– Да.

– И вы не способны объяснить задержку появления симптомов отравления в данном деле?

– Да.

– Благодарю вас.

Мистер Мэйс подтвердил, что он продал именно переданный ему обвинителем для опознания пузырек.

– Продали мистеру Инглторпу? – уточнил мистер Филипс.

В итоге его вынудили признать, что раньше он видел мистера Инглторпа только издали, но ни разу с ним не разговаривал. Аптекарь избежал перекрестного допроса.

Вызванный для показаний Альфред Инглторп отверг подозрение в покупке представленного яда. Он также отрицал, что поссорился с женой. Последующие свидетели подтвердили достоверность его заявлений.

Садовники, вызванные как свидетели составления завещания, подтвердили, что подписали его, а после них вызвали Доркас.

Служанка, преданная своим «молодым господам», рьяно отрицала, что смутно услышанный ею мужской голос мог принадлежать Джону, и решительно заявила, вопреки всему, что в будуаре с хозяйкой находился именно мистер Инглторп.

По лицу обвиняемого на скамье подсудимых промелькнула тоскливая улыбка. Он отлично понимал, насколько бесполезна ее вызывающая преданность, сознавая, что защита не станет оспаривать данный вопрос.

Миссис Кавендиш, разумеется, не могла давать показаний против своего мужа.

Выяснив ряд второстепенных вопросов, мистер Филипс спросил:

– Вы помните, что в прошедшем июне на имя мистера Лоуренса Кавендиша пришла бандероль от фирмы Парксонов?

– Нет, сэр, не припоминаю, – помотав головой, ответила Доркас. – Может, и приходила, но ведь в июне мистер Лоуренс уезжал из дома.

– Если бандероль пришла в его отсутствие, то что могли с ней сделать?

– Ну, могли отнести в его комнату или переслать ему.

– И что же вы сделали?

– Я, сэр, – ничего, мне следовало лишь оставить ее в холле на столе.

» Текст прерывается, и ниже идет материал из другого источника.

(* (true, k) labels the annihilator g_k and (false, k) the creator g_k^dag, as
   in the expansion of a_i; vac_contraction is theta(p_i) delta_{p_i,-p_j}. *)
Definition vac_contraction n (p : 'I_n -> bool * 'I_N) (i j : 'I_n) : R :=
  ((p i).1 && (p i == (~~ (p j).1, (p j).2)))%:R.

Lemma g_sq k : g k * g k = 0. Proof. exact/addr_self_eq0/car_gg. Qed.
Lemma gd_sq k : gd k * gd k = 0. Proof. exact/addr_self_eq0/car_gdgd. Qed.

Lemma commr_g_vac_proj k l : k != l -> GRing.comm (g k) (vac_proj l).
Proof.
move=> kl; have g_gd : g k * gd l + gd l * g k = 0 by rewrite car_ggd (negbTE kl).
rewrite /GRing.comm /vac_proj mulrA (mulr_anticomm (car_gg k l)) mulNr.
by rewrite -[g l * g k * gd l]mulrA (mulr_anticomm g_gd) mulrN opprK mulrA.
Qed.

Lemma commr_gd_vac_proj k l : k != l -> GRing.comm (gd k) (vac_proj l).
Proof.
move=> kl; have gd_g : gd k * g l + g l * gd k = 0.
  by rewrite addrC car_ggd eq_sym (negbTE kl).
rewrite /GRing.comm /vac_proj mulrA (mulr_anticomm gd_g) mulNr.
by rewrite -[g l * gd k * gd l]mulrA (mulr_anticomm (car_gdgd k l)) mulrN opprK mulrA.
Qed.

Lemma commr_vac_proj k l : GRing.comm (vac_proj k) (vac_proj l).
Proof.
have [->|kl] := eqVneq k l; first exact: commr_refl.
apply/commr_sym/commrM; apply/commr_sym;
  [exact: commr_g_vac_proj | exact: commr_gd_vac_proj].
Qed.

Lemma vac_proj_idem k : vac_proj k * vac_proj k = vac_proj k.
Proof.
rewrite /vac_proj mulrA -[g k * gd k * g k]mulrA.
have -> : gd k * g k = 1 - g k * gd k.
  by apply/eqP; rewrite eq_sym subr_eq addrC car_ggd eqxx.
by rewrite mulrBr mulr1 mulrA g_sq mul0r subr0.
Qed.

Lemma g_vacuum_proj k : g k * vacuum_proj = 0.
Proof.
apply: (mul_prodr_eq0 (j := k)); rewrite ?mem_index_enum //.
  by rewrite /vac_proj mulrA g_sq mul0r.
by move=> l lk; apply: commr_g_vac_proj; rewrite eq_sym.
Qed.

Lemma vacuum_proj_gd k : vacuum_proj * gd k = 0.
Proof.
apply: (prodr_mul_eq0 (j := k)); rewrite ?mem_index_enum //.
  by rewrite /vac_proj -mulrA gd_sq mulr0.
by move=> l lk; apply/commr_sym/commr_gd_vac_proj; rewrite eq_sym.
Qed.

Lemma vacuum_proj_idem : vacuum_proj * vacuum_proj = vacuum_proj.
Proof.
rewrite /vacuum_proj -prodrM_comm; last by move=> *; apply: commr_vac_proj.
by apply: eq_bigr => k _; apply: vac_proj_idem.
Qed.

Lemma commr_vacuum_proj (w : A) :
  (forall k, GRing.comm w (g k)) -> (forall k, GRing.comm w (gd k)) ->
  GRing.comm w vacuum_proj.
Proof. by move=> wg wgd; apply: commr_prod => k _; apply: commrM. Qed.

Почтовыми делами у нас распоряжается мисс Говард.

Вызванную на свидетельское место Эвелин Говард после выяснения известных вопросов также спросили об этой бандероли.

– Не помню. К нам много всяких посылок приходит. Всех и не упомнишь.

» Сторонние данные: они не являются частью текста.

(* Let $\{X_i\}_{i\ge1}$ be i.i.d. real random variables with a unimodal density $f$ satisfying $\sup_{x\in\mathbb R}f(x)\le C_0$ for some constant $C_0>0$, and let $f_n$ denote the density of $\sum_{i=1}^nX_i$. Then there is a constant $C>0$ such that $\sup_{n\ge1}\sup_{x\in\mathbb R}f_n(x)\le C$. Moreover, if $N$ is a $\{1,2,\dots\}$-valued random variable independent of $\{X_i\}$ and $f_N$ denotes the density of $\sum_{i=1}^NX_i$, then $\sup_{x\in\mathbb R}f_N(x)\le C$. *)

From HB Require Import structures.
From mathcomp Require Import all_boot all_order all_algebra.
From mathcomp Require Import all_classical all_reals all_analysis.
Set Implicit Arguments. Unset Strict Implicit. Unset Printing Implicit Defensive.
Import Order.TTheory GRing.Theory Num.Theory.
Local Open Scope classical_set_scope.
Local Open Scope ring_scope.

Definition real_rv (d : measure_display) (T : measurableType d) (R : realType)
  (Y : T -> R) : Prop := measurable_fun setT Y.

Definition mutually_indep (d : measure_display) (T : measurableType d)
  (R : realType) (P : probability T R) (I : eqType) (Y : I -> T -> R) : Prop :=
  forall (J : seq I) (B : I -> set R), uniq J ->
    (forall i, measurable (B i)) ->
    P (\big[setI/setT]_(i <- J) (Y i @^-1` B i)) =
    (\prod_(i <- J) P (Y i @^-1` B i))%E.

Definition is_density (d : measure_display) (T : measurableType d)
  (R : realType) (P : probability T R) (Y : T -> R) (g : R -> R) : Prop :=
  measurable_fun setT g /\ (forall x, 0 <= g x) /\
  forall A : set R, measurable A ->
    P (Y @^-1` A) = (\int[@lebesgue_measure R]_(x in A) (g x)%:E)%E.

Definition unimodal (R : realType) (f : R -> R) : Prop :=
  exists m : R,
    (forall x y, x <= y -> y <= m -> f x <= f y) /\
    (forall x y, m <= x -> x <= y -> f y <= f x).

(* Partial sum S_n = X_1 + ... + X_n (sequence indexed from 0: X 0 is X_1). *)
Definition psum (T : Type) (R : realType) (X : nat -> T -> R) (n : nat) : T -> R :=
  fun t => \sum_(i < n) X i t.

Definition rsum (T : Type) (R : realType) (X : nat -> T -> R) (N : T -> nat) : T -> R :=
  fun t => \sum_(i < N t) X i t.

Definition with_N (T : Type) (R : realType) (X : nat -> T -> R) (N : T -> nat)
  : option nat -> T -> R :=
  fun o => match o with None => fun t => (N t)%:R | Some i => X i end.

From HB Require Import structures.
From mathcomp Require Import all_boot all_order all_algebra.
From mathcomp Require Import all_classical all_reals all_analysis measurable_realfun.
From mathcomp Require Import ring lra.
Import Order.TTheory GRing.Theory Num.Theory.
Local Open Scope classical_set_scope.
Local Open Scope ring_scope.
Set Implicit Arguments. Unset Strict Implicit. Unset Printing Implicit Defensive.

(* Write
   S_(m+1) = S_m + X_m with X_m independent of S_m.  By Fubini on the law of
   (S_m, X_m), P(S_(m+1) in A) is the S_m-average of P(X_m in A - s), and each
   of these is at most C0 |A| by translation invariance of Lebesgue measure.
   So every law of S_n (n >= 1) is dominated by C0 times Lebesgue measure,
   which forces its density to be at most 2 C0 almost everywhere.  For the
   random index, P(S_N in A) = sum_k P(S_k in A) P(N = k) <= C0 |A| because
   N is independent of the X_i.  The independence of S_m and X_m is proved
   by induction on m, showing that S_m is independent of every cylinder event
   built from indices outside {0, ..., m-1}. *)

Lemma lebesgue_measure_shift (R : realType) (s : R) (A : set R) : measurable A ->
  lebesgue_measure ((fun y => s + y) @^-1` A) = lebesgue_measure A.
Proof.
move=> mA.
have ms : measurable_fun [set: measurableTypeR R]
    ((fun y => s + y) : _ -> measurableTypeR R) by exact: measurable_funD.
rewrite (@lebesgue_measure_unique _ (pushforward lebesgue_measure
  ((fun y => s + y) : _ -> measurableTypeR R)) _ A mA) //.
move=> _ [[a b] _ <-]; rewrite /pushforward /=.
transitivity (lebesgue_measure `](a - s), (b - s)]%classic); last first.
  congr lebesgue_measure; apply/seteqP.
  by split => y /=; rewrite !in_itv /= ltrBlDl lerBrDl.
rewrite !lebesgue_measure_itv /= !lte_fin ltrD2r.
by case: ifPn => // _; rewrite -!EFinB; congr EFin; ring.
Qed.

Section finite_measure_setX_unique.
Local Open Scope ereal_scope.
Context d1 d2 (T1 : measurableType d1) (T2 : measurableType d2) (R : realType).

– Значит, вам не известно, была ли она переправлена мистеру Лоуренсу Кавендишу в Уэльс или отнесена в его комнату?

– По-моему, я ничего в Уэльс не отсылала. Вряд ли я забыла бы то, что отправляла ее.

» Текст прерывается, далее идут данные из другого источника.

(* Let $(p_x,p'_x)$ and $(p_y,p'_y)$ be pairs of positive integers with $|p_x-p'_x|=|p_y-p'_y|=1$, and let $X=\alpha_{(p_x,p'_x)}(Y)$, $Y=\alpha_{(p_y,p'_y)}(Z)$ be finite Sturmian words, $Z$ a finite word. Then the number of original center occurrences in $X$ (equivalently, of original maximal palindrome occurrences in $X$), relative to $X=\alpha_{(p_x,p'_x)}(Y)$, equals $$2(p_x-1)\bigl(|Z|_a\,p_y+|Z|_b\,p'_y\bigr)+2|Z|\,p'_x.$$
   Context: $\alpha_{(p,p')}$ is the morphism $a\mapsto a^pb$, $b\mapsto a^{p'}b$. A Sturmian word is a right-infinite aperiodic word over $\{a,b\}$ with exactly $n+1$ factors of each length $n$; a finite Sturmian word is a finite factor of one. $|W|_l$ is the number of occurrences of letter $l$ in $W$. A center occurrence in a word is an occurrence of one of the factors $a$, $b$, $aa$; each is the center of exactly one maximal palindrome occurrence. Write $Y=y_1\cdots y_m$ and $X=\alpha(y_1)\cdots\alpha(y_m)$ with $\alpha=\alpha_{(p_x,p'_x)}$, $\alpha(y_j)$ occupying positions $s_j+1,\dots,s_j+|\alpha(y_j)|$, $s_j=\sum_{t<j}|\alpha(y_t)|$. The reflection of an occurrence $y_j=a$ (resp. $y_j=b$) is the center (middle letter if odd length, middle two letters if even length) of the run $a^{p_x}$ (resp. $a^{p'_x}$) at positions $s_j+1,\dots,s_j+p_x$ (resp. $s_j+p'_x$); the reflection of an occurrence $y_jy_{j+1}=aa$ is the letter $b$ at position $s_j+p_x+1$. A center occurrence of $X$ is original if it is not the reflection of any center occurrence of $Y$. *)

From HB Require Import structures.
From mathcomp Require Import all_boot.
Set Implicit Arguments. Unset Strict Implicit. Unset Printing Implicit Defensive.

Inductive letter := La | Lb.
Definition letter_eqb (x y : letter) : bool :=
  match x, y with La, La | Lb, Lb => true | _, _ => false end.
Lemma letter_eqP : Equality.axiom letter_eqb.
Proof. by case; case; constructor. Qed.
HB.instance Definition _ := hasDecEq.Build letter letter_eqP.

Definition word := seq letter.

Definition alpha_img (p p' : nat) (l : letter) : word :=
  if l is La then rcons (nseq p La) Lb else rcons (nseq p' La) Lb.
Definition alpha (p p' : nat) (w : word) : word := flatten (map (alpha_img p p') w).

Definition nocc (l : letter) (w : word) : nat := count_mem l w.

Definition iword := nat -> letter.
Definition ifactor (u : iword) (i n : nat) : word := mkseq (fun j => u (i + j)) n.

Definition nfactors_eq (u : iword) (n k : nat) : Prop :=
  exists s : seq word, uniq s /\ size s = k /\
    forall w, w \in s <-> (size w = n /\ exists i, w = ifactor u i n).

Definition aperiodic (u : iword) : Prop :=
  ~ exists p N, 0 < p /\ forall i, N <= i -> u (i + p) = u i.

Definition sturmian (u : iword) : Prop :=
  aperiodic u /\ forall n, nfactors_eq u n n.+1.

Definition fin_sturmian (w : word) : Prop :=
  exists u, sturmian u /\ exists i, w = ifactor u i (size w).

(* Center occurrences: occurrences of a, b (length 1) or aa (length 2),
   encoded as (0-indexed start position, length). *)
Definition center_occs (w : word) : seq (nat * nat) :=
  [seq (i, 1) | i <- iota 0 (size w)] ++
  [seq (i, 2) | i <- iota 0 (size w).-1 & (nth La w i == La) && (nth La w i.+1 == La)].

(* s_j (0-indexed j): length of alpha(y_1 ... y_j-th letter excluded). *)
Definition sj (p p' : nat) (Y : word) (j : nat) : nat := size (alpha p p' (take j Y)).

(* Length-1 occurrence at j of letter l: centre of the run a^r (r = p or p')
   occupying 0-indexed positions s_j .. s_j + r - 1: start s_j + (r-1)/2,
   length 1 if r is odd and 2 if r is even.
   Length-2 occurrence aa at j: the letter b at 0-indexed position s_j + p. *)
Definition reflection (p p' : nat) (Y : word) (o : nat * nat) : nat * nat :=
  let j := o.1 in
  if o.2 == 1 then
    let r := if nth La Y j == La then p else p' in
    (sj p p' Y j + r.-1./2, 2 - odd r)
  else (sj p p' Y j + p, 1).

Definition reflections (p p' : nat) (Y : word) : seq (nat * nat) :=
  map (reflection p p' Y) (center_occs Y).

Definition n_original (p p' : nat) (Y : word) : nat :=
  count (fun o => o \notin reflections p p' Y) (center_occs (alpha p p' Y)).

From HB Require Import structures.
From mathcomp Require Import all_boot zify.
Set Implicit Arguments. Unset Strict Implicit. Unset Printing Implicit Defensive.

(* The reflection map sends the center occurrences of Y injectively into those
   of X = alpha(Y): the reflection of y_j lies in the block alpha(y_j), before
   its final b when y_j is a letter, on that b when y_j y_{j+1} = aa.  Hence
   the original occurrences number |C(X)| - |C(Y)|, where C(w) counts the
   center occurrences of w.  Every letter and every factor aa is one, so
   |C(w)| = |w| + #aa(w); a word made of blocks a^r b with r > 0 has no factor
   aa across blocks, whence |C(alpha_(p,p')(W))| = 2 (|W|_a p + |W|_b p').
   Substituting Y = alpha_(p_y,p'_y)(Z) gives the formula. *)

Lemma count_notin_subset (T : eqType) (C R : seq T) :
  uniq C -> uniq R -> {subset R <= C} ->
  count (fun x => x \notin R) C = size C - size R.
Proof.
move=> uC uR sRC.
have inR_C : count (mem R) C = size R.
  rewrite -size_filter; apply/perm_size/uniq_perm; rewrite ?filter_uniq //.
  by move=> x; rewrite mem_filter andb_idr //; apply: sRC.
by rewrite -(count_predC (mem R) C) inR_C addKn.
Qed.

Lemma mem_pair_map (s : seq nat) (i k c : nat) :
  ((i, k) \in [seq (x, c) | x <- s]) = (k == c) && (i \in s).
Proof.
apply/mapP/andP => [[x xs [-> ->]]|[/eqP -> ins]]; first by rewrite eqxx.
by exists i.
Qed.

Lemma mem_center_occs (w : word) (i k : nat) :
  ((i, k) \in center_occs w) =
  ((k == 1) && (i < size w)) ||
  [&& k == 2, i.+1 < size w, nth La w i == La & nth La w i.+1 == La].
Proof.
rewrite /center_occs mem_cat !mem_pair_map mem_filter !mem_iota /= !add0n.
have -> : (i < (size w).-1) = (i.+1 < size w) by lia.
by case: (i.+1 < size w); rewrite ?andbT ?andbF.
Qed.

Lemma center_occs_uniq (w : word) : uniq (center_occs w).
Proof.
rewrite /center_occs cat_uniq !map_inj_uniq ?filter_uniq ?iota_uniq //=;
  try by move=> x y [].
rewrite andbT; apply/hasPn => -[i k] /mapP [x _ [_ ->]].
by apply/mapP => -[y _ [_]].
Qed.

Definition aa_count (w : word) : nat :=
  count (fun i => (nth La w i == La) && (nth La w i.+1 == La)) (iota 0 (size w).-1).

Lemma size_center_occs (w : word) : size (center_occs w) = size w + aa_count w.
Proof. by rewrite /center_occs size_cat !size_map size_iota size_filter. Qed.

Lemma aa_count_cons (x : letter) (w : word) :
  aa_count (x :: w) = ((x == La) && (head Lb w == La)) + aa_count w.
Proof.
case: w => [|y w]; first by rewrite /aa_count /= andbF.
by rewrite /aa_count /= -add1n iotaDl count_map.
Qed.

Definition run_len (p p' : nat) (l : letter) : nat := if l == La then p else p'.

Definition block (r : nat) : word := rcons (nseq r La) Lb.

Lemma alpha_imgE (p p' : nat) (l : letter) : alpha_img p p' l = block (run_len p p' l).
Proof. by case: l. Qed.

Lemma size_block (r : nat) : size (block r) = r.+1.
Proof. by rewrite size_rcons size_nseq. Qed.

Lemma nth_block (r k : nat) : nth La (block r) k = if k == r then Lb else La.
Proof. by rewrite /block nth_rcons size_nseq nth_nseq; case: ltngtP. Qed.

Lemma aa_count_block_cat (r : nat) (v : word) :
  aa_count (block r ++ v) = r.-1 + aa_count v.
Proof.
elim: r => [|r IH]; first by rewrite aa_count_cons.
by rewrite /block /= aa_count_cons -/(block r) IH; case: r {IH}.
Qed.

Lemma alpha_cat (p p' : nat) (u v : word) :
  alpha p p' (u ++ v) = alpha p p' u ++ alpha p p' v.
Proof. by rewrite /alpha map_cat flatten_cat. Qed.

Lemma alpha_cons (p p' : nat) (y : letter) (u : word) :
  alpha p p' (y :: u) = block (run_len p p' y) ++ alpha p p' u.
Proof. by rewrite -alpha_imgE. Qed.

Lemma alpha_split (p p' j : nat) (Y : word) : j < size Y ->
  alpha p p' Y =
  alpha p p' (take j Y) ++ block (run_len p p' (nth La Y j)) ++ alpha p p' (drop j.+1 Y).
Proof.
by move=> hj; rewrite -{1}(cat_take_drop j Y) (drop_nth La hj) alpha_cat alpha_cons.
Qed.

Section AlphaCounts.
Variables p p' : nat.

Lemma nocc_La_alpha (W : word) :
  nocc La (alpha p p' W) = nocc La W * p + nocc Lb W * p'.
Proof.
elim: W => [|y W IH] //; rewrite alpha_cons /nocc count_cat in IH *; rewrite IH.
by rewrite /block -cats1 count_cat count_nseq; case: y; rewrite /run_len /=; lia.
Qed.

Lemma nocc_Lb_alpha (W : word) : nocc Lb (alpha p p' W) = size W.
Proof.
elim: W => [|y W IH] //; rewrite alpha_cons /nocc count_cat in IH *; rewrite IH.
by rewrite /block -cats1 count_cat count_nseq; case: y.
Qed.

Hypotheses (p_gt0 : 0 < p) (p'_gt0 : 0 < p').

Lemma run_len_gt0 (l : letter) : 0 < run_len p p' l.
Proof. by case: l. Qed.

Lemma size_center_occs_alpha (W : word) :
  size (center_occs (alpha p p' W)) = 2 * (nocc La W * p + nocc Lb W * p').
Proof.
rewrite size_center_occs; elim: W => [|y W IH] //.
rewrite alpha_cons aa_count_block_cat size_cat size_block.
have := run_len_gt0 y; case: y; rewrite /nocc /run_len /= in IH *; lia.
Qed.

End AlphaCounts.

Section Reflection.
Variables (p p' : nat) (Y : word).
Hypotheses (p_gt0 : 0 < p) (p'_gt0 : 0 < p').

Local Notation s := (sj p p' Y).
Local Notation r j := (run_len p p' (nth La Y j)).

Lemma sj_le j k : j <= k -> s j <= s k.
Proof. by move=> /subnKC <-; rewrite /sj takeD alpha_cat size_cat leq_addr. Qed.

Lemma sjS j : j < size Y -> s j.+1 = s j + (r j).+1.
Proof.
move=> hj; rewrite /sj (take_nth La hj) -cats1 alpha_cat size_cat.
by rewrite alpha_cons size_cat size_block addn0.
Qed.

Lemma nth_alpha_block j k : j < size Y -> k <= r j ->
  nth La (alpha p p' Y) (s j + k) = nth La (block (r j)) k.
Proof.
move=> hj hk; rewrite (alpha_split p p' hj) nth_cat ltnNge leq_addr /= addKn.
by rewrite nth_cat size_block ltnS hk.
Qed.

Lemma block_end_lt_size j : j < size Y -> s j + r j < size (alpha p p' Y).
Proof.
move=> hj; rewrite [in X in _ < X](alpha_split p p' hj) !size_cat size_block /sj; lia.
Qed.

Lemma reflection_letter j :
  reflection p p' Y (j, 1) = (s j + (r j).-1./2, 2 - odd (r j)).
Proof. by []. Qed.

Lemma reflection_aa j : nth La Y j = La -> reflection p p' Y (j, 2) = (s j + r j, 1).
Proof. by rewrite /reflection /run_len => ->. Qed.

Lemma reflection_center_occ o : o \in center_occs Y ->
  reflection p p' Y o \in center_occs (alpha p p' Y).
Proof.
case: o => j k; rewrite mem_center_occs.
case/orP => [/andP [/eqP -> hj] | /and4P [/eqP -> hj /eqP hLa _]].
- rewrite reflection_letter mem_center_occs.
  have hlt := block_end_lt_size hj.
  have r_gt0 := run_len_gt0 p_gt0 p'_gt0 (nth La Y j).
  case r_odd: (odd (r j)) => /=; first lia.
  have r_even := modn2 (r j); rewrite r_odd in r_even.
  (* an even run has two middle letters, both inside the run *)
  rewrite -addnS !nth_alpha_block ?nth_block; try lia.
  have mid1 : ((r j).-1./2 == r j) = false by lia.
  have mid2 : ((r j).-1./2.+1 == r j) = false by lia.
  by rewrite mid1 mid2 eqxx andbT; lia.
- have hj' : j < size Y by lia.
  rewrite reflection_aa // mem_center_occs /=.
  have := block_end_lt_size hj'; lia.
Qed.

Lemma reflection_in_block j k : (j, k) \in center_occs Y ->
  [/\ j < size Y, s j <= (reflection p p' Y (j, k)).1 <= s j + r j
    & ((reflection p p' Y (j, k)).1 == s j + r j) = (k == 2)].
Proof.
rewrite mem_center_occs.
case/orP => [/andP [/eqP -> hj] | /and4P [/eqP -> hj /eqP hLa _]].
- rewrite reflection_letter /=; have := run_len_gt0 p_gt0 p'_gt0 (nth La Y j).
  by split=> //; lia.
- rewrite reflection_aa //=; split=> //; lia.
Qed.

Lemma reflections_uniq : uniq (reflections p p' Y).
Proof.
rewrite /reflections map_inj_in_uniq ?center_occs_uniq // => -[j1 k1] [j2 k2] h1 h2 e.
have [hj1 b1 t1] := reflection_in_block h1.
have [hj2 b2 t2] := reflection_in_block h2.
(* the blocks [s j, s j + r j] of distinct indices are disjoint *)
have ej : j1 = j2.
  case: (ltngtP j1 j2) => // hlt; rewrite ?e in b1 b2.
  - by have := sj_le hlt; rewrite sjS //; lia.
  - by have := sj_le hlt; rewrite sjS //; lia.
subst j2; move: h1 h2 t1 t2; rewrite e !mem_center_occs => h1 h2 -> /eqP.
by case/orP: h1 => /andP [/eqP -> _]; case/orP: h2 => /andP [/eqP -> _].
Qed.

Lemma n_original_eq :
  n_original p p' Y = size (center_occs (alpha p p' Y)) - size (center_occs Y).
Proof.
rewrite /n_original count_notin_subset ?center_occs_uniq ?reflections_uniq //.
  by rewrite size_map.
by move=> o /mapP [o' ho' ->]; apply: reflection_center_occ.
Qed.

End Reflection.

Theorem lemma3 (px px' py py' : nat) (X Y Z : word) :
  0 < px -> 0 < px' -> 0 < py -> 0 < py' ->
  (* |px - px'| = 1 and |py - py'| = 1 *)
  (px = px'.+1 \/ px' = px.+1) -> (py = py'.+1 \/ py' = py.+1) ->
  X = alpha px px' Y -> Y = alpha py py' Z ->
  fin_sturmian X -> fin_sturmian Y ->
  n_original px px' Y =
    2 * (px - 1) * (nocc La Z * py + nocc Lb Z * py') + 2 * size Z * px'.
Proof.
move=> hpx hpx' hpy hpy' _ _ _ -> _ _.
rewrite n_original_eq // !size_center_occs_alpha // nocc_La_alpha nocc_Lb_alpha.
by case: px hpx => // px _; rewrite subn1 /=; lia.
Qed.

– Допустим, бандероль на имя мистера Лоуренса Кавендиша прибыла, а потом исчезла, тогда вы заметили бы ее пропажу?

– Нет, вряд ли. Я подумала бы просто, что кто-то решил убрать ее.

– Полагаю, мисс Говард, именно вы обнаружили этот лист оберточной бумаги? – Обвинитель положил перед ней тот самый блеклый, запыленный лист, что мы с Пуаро изучали в малой столовой Стайлз-корт.

– Да, верно.

– Как вам пришло в голову поискать его?

– Меня попросил бельгийский детектив, помогавший расследовать это преступление.

– И где же вы обнаружили его?

– На… шкафу.

– На шкафу в комнате обвиняемого?

– Видимо, да.

– Вы сами обнаружили его там?

– Да.

– Тогда вы должны точно знать, где нашли его?

– Да, он лежал на одежном шкафу обвиняемого.

– Вот так уже лучше.

Сотрудник фирмы Парксонов «Театральные костюмеры» подтвердил, что согласно заказу отослал двадцать девятого июня пакет с черной бородой мистеру Л. Кавендишу. Заказ поступил в виде письма и оплаченного почтового перевода. Нет, письмо у них не сохранилось, но все операции отражены в бухгалтерских книгах. В соответствии с заказом они отправили бороду по приложенному адресу в Стайлз-корт эсквайру Л. Кавендишу.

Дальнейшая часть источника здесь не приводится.